• [YOUR ASSIGNMENT] In the material below, the required lines run from the one containing "by rewrite (insubT" through the one containing "Lemma nonessential_Res (mu". Copy those lines exactly, ends included, and nothing else.

• [EXERCISE INPUTS]

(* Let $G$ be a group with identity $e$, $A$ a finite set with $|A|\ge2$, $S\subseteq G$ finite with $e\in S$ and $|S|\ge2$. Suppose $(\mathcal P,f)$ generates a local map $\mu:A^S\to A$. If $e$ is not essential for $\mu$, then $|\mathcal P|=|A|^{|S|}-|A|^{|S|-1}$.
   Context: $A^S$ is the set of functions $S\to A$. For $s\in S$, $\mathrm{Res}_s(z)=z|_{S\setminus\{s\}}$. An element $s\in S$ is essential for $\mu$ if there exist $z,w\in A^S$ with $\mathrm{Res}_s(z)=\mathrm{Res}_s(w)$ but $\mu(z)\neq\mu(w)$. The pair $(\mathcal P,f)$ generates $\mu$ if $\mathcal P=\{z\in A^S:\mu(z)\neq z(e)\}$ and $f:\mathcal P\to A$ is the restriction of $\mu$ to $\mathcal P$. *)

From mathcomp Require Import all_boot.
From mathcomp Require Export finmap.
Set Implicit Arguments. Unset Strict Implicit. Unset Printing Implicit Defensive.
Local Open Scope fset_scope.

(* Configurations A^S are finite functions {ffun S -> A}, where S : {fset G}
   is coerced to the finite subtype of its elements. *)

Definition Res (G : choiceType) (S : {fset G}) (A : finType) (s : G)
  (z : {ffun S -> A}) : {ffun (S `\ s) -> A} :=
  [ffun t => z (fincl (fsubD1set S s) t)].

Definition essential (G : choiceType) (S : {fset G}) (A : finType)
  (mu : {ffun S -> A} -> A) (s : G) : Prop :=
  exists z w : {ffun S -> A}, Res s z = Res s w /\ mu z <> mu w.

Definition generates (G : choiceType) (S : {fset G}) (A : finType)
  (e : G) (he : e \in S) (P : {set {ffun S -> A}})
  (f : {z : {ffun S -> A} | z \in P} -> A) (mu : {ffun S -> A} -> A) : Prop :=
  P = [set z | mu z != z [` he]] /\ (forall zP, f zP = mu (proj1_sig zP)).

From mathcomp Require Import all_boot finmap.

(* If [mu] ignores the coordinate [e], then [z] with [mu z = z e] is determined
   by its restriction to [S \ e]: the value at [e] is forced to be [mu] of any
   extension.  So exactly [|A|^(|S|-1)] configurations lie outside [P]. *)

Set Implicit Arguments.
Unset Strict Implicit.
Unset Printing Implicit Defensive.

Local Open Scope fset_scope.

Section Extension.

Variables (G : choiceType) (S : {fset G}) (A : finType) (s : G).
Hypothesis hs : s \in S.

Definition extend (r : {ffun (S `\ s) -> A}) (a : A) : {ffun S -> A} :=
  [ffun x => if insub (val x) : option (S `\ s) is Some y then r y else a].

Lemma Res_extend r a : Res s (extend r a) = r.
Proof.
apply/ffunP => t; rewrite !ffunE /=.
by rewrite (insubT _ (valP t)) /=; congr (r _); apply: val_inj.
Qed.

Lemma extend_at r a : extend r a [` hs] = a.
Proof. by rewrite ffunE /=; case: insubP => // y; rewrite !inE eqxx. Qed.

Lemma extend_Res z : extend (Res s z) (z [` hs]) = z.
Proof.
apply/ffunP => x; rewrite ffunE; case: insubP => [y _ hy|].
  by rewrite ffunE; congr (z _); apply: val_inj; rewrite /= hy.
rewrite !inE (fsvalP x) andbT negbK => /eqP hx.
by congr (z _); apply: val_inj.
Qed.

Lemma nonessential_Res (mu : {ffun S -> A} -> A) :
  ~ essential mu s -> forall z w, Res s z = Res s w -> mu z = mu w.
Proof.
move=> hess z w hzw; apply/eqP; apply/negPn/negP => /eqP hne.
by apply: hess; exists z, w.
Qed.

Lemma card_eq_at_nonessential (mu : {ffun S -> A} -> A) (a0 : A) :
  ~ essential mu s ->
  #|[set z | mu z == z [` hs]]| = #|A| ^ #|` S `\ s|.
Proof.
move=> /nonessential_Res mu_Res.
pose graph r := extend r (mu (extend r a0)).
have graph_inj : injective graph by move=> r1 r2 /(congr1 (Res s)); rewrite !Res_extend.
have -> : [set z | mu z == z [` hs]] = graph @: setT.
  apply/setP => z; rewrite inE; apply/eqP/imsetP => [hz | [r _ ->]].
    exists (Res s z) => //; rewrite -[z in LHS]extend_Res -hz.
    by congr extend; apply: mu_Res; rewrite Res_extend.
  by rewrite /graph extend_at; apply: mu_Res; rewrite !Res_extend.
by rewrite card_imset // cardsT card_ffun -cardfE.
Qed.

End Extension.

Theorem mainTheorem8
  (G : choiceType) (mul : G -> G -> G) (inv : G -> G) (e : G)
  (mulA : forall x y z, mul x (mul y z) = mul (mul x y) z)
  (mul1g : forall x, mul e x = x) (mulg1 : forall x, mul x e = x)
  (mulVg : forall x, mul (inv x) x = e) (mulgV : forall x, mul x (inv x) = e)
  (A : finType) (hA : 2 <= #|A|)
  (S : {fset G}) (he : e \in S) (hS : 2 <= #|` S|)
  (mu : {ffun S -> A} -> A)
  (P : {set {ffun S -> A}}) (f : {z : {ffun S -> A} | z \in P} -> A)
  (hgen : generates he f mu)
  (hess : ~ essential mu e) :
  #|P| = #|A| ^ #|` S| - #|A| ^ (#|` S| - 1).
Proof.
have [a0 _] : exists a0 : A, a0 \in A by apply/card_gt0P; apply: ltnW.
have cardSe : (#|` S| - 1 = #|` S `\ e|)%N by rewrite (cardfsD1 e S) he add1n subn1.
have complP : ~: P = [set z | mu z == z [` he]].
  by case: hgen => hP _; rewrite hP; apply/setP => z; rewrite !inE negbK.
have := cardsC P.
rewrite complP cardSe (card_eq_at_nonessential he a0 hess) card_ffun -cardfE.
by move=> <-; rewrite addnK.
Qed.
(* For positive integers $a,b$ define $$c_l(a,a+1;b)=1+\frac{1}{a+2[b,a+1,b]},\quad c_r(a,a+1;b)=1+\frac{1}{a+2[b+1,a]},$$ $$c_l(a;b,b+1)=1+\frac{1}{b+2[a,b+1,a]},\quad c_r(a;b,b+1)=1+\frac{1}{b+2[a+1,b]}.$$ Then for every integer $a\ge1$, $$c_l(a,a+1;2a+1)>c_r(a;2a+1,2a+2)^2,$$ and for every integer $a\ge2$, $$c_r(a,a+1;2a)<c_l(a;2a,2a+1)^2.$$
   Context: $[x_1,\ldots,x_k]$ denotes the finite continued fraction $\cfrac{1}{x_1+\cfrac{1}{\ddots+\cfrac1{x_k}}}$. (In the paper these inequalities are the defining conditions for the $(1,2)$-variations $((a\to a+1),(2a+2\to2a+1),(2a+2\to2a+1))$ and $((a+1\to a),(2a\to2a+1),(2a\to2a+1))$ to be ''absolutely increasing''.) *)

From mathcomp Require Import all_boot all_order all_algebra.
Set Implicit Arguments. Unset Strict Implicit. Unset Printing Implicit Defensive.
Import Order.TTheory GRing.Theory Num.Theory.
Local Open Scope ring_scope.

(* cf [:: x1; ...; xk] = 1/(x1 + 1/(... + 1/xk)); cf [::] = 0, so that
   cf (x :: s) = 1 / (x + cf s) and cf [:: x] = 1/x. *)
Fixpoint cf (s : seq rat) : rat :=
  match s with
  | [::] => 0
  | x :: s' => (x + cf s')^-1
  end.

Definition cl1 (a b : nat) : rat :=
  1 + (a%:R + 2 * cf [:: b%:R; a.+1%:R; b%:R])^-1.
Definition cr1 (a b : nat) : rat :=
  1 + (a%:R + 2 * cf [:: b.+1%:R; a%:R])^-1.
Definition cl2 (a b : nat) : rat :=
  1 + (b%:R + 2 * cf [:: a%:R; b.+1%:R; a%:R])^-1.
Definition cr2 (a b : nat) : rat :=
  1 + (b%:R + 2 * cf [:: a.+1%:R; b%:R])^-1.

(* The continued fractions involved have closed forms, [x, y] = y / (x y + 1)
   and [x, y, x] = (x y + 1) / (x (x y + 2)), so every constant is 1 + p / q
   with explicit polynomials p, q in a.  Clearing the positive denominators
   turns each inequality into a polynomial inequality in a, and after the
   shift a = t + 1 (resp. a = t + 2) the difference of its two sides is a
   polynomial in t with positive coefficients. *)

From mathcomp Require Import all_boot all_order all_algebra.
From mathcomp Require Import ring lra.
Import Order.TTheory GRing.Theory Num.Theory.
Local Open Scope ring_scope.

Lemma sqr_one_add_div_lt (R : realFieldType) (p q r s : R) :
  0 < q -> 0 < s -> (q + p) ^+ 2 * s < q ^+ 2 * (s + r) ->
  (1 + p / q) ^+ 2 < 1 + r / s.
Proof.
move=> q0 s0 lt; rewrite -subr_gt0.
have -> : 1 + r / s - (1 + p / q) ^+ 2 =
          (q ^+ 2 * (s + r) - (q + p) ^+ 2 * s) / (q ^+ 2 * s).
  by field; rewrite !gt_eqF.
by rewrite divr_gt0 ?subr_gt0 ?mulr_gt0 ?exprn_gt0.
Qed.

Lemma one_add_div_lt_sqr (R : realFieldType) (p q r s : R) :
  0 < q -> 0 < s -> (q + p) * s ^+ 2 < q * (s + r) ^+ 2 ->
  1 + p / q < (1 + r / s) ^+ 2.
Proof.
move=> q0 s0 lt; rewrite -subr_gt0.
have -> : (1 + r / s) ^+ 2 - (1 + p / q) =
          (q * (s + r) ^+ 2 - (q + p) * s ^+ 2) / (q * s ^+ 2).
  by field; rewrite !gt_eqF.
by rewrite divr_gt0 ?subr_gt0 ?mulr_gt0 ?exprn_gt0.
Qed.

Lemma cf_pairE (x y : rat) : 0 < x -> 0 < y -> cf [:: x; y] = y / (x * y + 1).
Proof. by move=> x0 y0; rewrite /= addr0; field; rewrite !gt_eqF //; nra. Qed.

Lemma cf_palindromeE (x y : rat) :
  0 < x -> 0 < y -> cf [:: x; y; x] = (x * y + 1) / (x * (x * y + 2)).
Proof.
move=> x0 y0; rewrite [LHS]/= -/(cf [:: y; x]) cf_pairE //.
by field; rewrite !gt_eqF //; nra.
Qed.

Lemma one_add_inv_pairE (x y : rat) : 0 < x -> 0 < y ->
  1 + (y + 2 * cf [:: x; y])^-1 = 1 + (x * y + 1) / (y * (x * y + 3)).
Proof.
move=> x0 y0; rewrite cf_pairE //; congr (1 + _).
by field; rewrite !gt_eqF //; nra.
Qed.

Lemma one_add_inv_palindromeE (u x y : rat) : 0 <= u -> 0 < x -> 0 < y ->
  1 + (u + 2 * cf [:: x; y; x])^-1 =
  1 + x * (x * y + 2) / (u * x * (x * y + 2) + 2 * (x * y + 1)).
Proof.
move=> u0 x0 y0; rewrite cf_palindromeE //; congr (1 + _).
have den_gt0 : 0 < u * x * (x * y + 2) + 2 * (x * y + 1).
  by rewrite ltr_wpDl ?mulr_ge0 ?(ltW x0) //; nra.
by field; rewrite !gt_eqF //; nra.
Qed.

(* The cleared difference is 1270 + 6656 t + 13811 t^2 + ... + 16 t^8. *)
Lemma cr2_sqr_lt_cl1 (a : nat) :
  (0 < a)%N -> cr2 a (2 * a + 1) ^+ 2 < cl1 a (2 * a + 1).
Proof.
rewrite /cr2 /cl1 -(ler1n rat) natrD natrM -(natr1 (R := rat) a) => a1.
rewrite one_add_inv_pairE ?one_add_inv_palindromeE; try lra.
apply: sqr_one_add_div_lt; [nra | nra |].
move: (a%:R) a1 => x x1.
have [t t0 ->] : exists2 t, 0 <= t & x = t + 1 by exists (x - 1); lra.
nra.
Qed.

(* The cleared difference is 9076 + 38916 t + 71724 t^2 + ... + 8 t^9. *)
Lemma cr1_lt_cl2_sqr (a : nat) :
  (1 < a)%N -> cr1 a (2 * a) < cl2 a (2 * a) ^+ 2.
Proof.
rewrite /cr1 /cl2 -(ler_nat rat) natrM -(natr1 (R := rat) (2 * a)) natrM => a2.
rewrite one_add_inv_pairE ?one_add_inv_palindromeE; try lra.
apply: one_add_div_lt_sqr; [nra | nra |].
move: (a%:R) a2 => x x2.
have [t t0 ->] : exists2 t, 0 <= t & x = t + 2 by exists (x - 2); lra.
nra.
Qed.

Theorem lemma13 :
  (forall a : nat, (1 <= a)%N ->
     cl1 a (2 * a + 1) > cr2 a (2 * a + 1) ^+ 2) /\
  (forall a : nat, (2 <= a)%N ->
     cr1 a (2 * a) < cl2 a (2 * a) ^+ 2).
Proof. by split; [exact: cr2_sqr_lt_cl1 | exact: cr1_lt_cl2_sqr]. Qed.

• [RESPONSE FOR THIS EXERCISE]
by rewrite (insubT _ (valP t)) /=; congr (r _); apply: val_inj.
Qed.

Lemma extend_at r a : extend r a [` hs] = a.
Proof. by rewrite ffunE /=; case: insubP => // y; rewrite !inE eqxx. Qed.

Lemma extend_Res z : extend (Res s z) (z [` hs]) = z.
Proof.
apply/ffunP => x; rewrite ffunE; case: insubP => [y _ hy|].
  by rewrite ffunE; congr (z _); apply: val_inj; rewrite /= hy.
rewrite !inE (fsvalP x) andbT negbK => /eqP hx.
by congr (z _); apply: val_inj.
Qed.

Lemma nonessential_Res (mu : {ffun S -> A} -> A) :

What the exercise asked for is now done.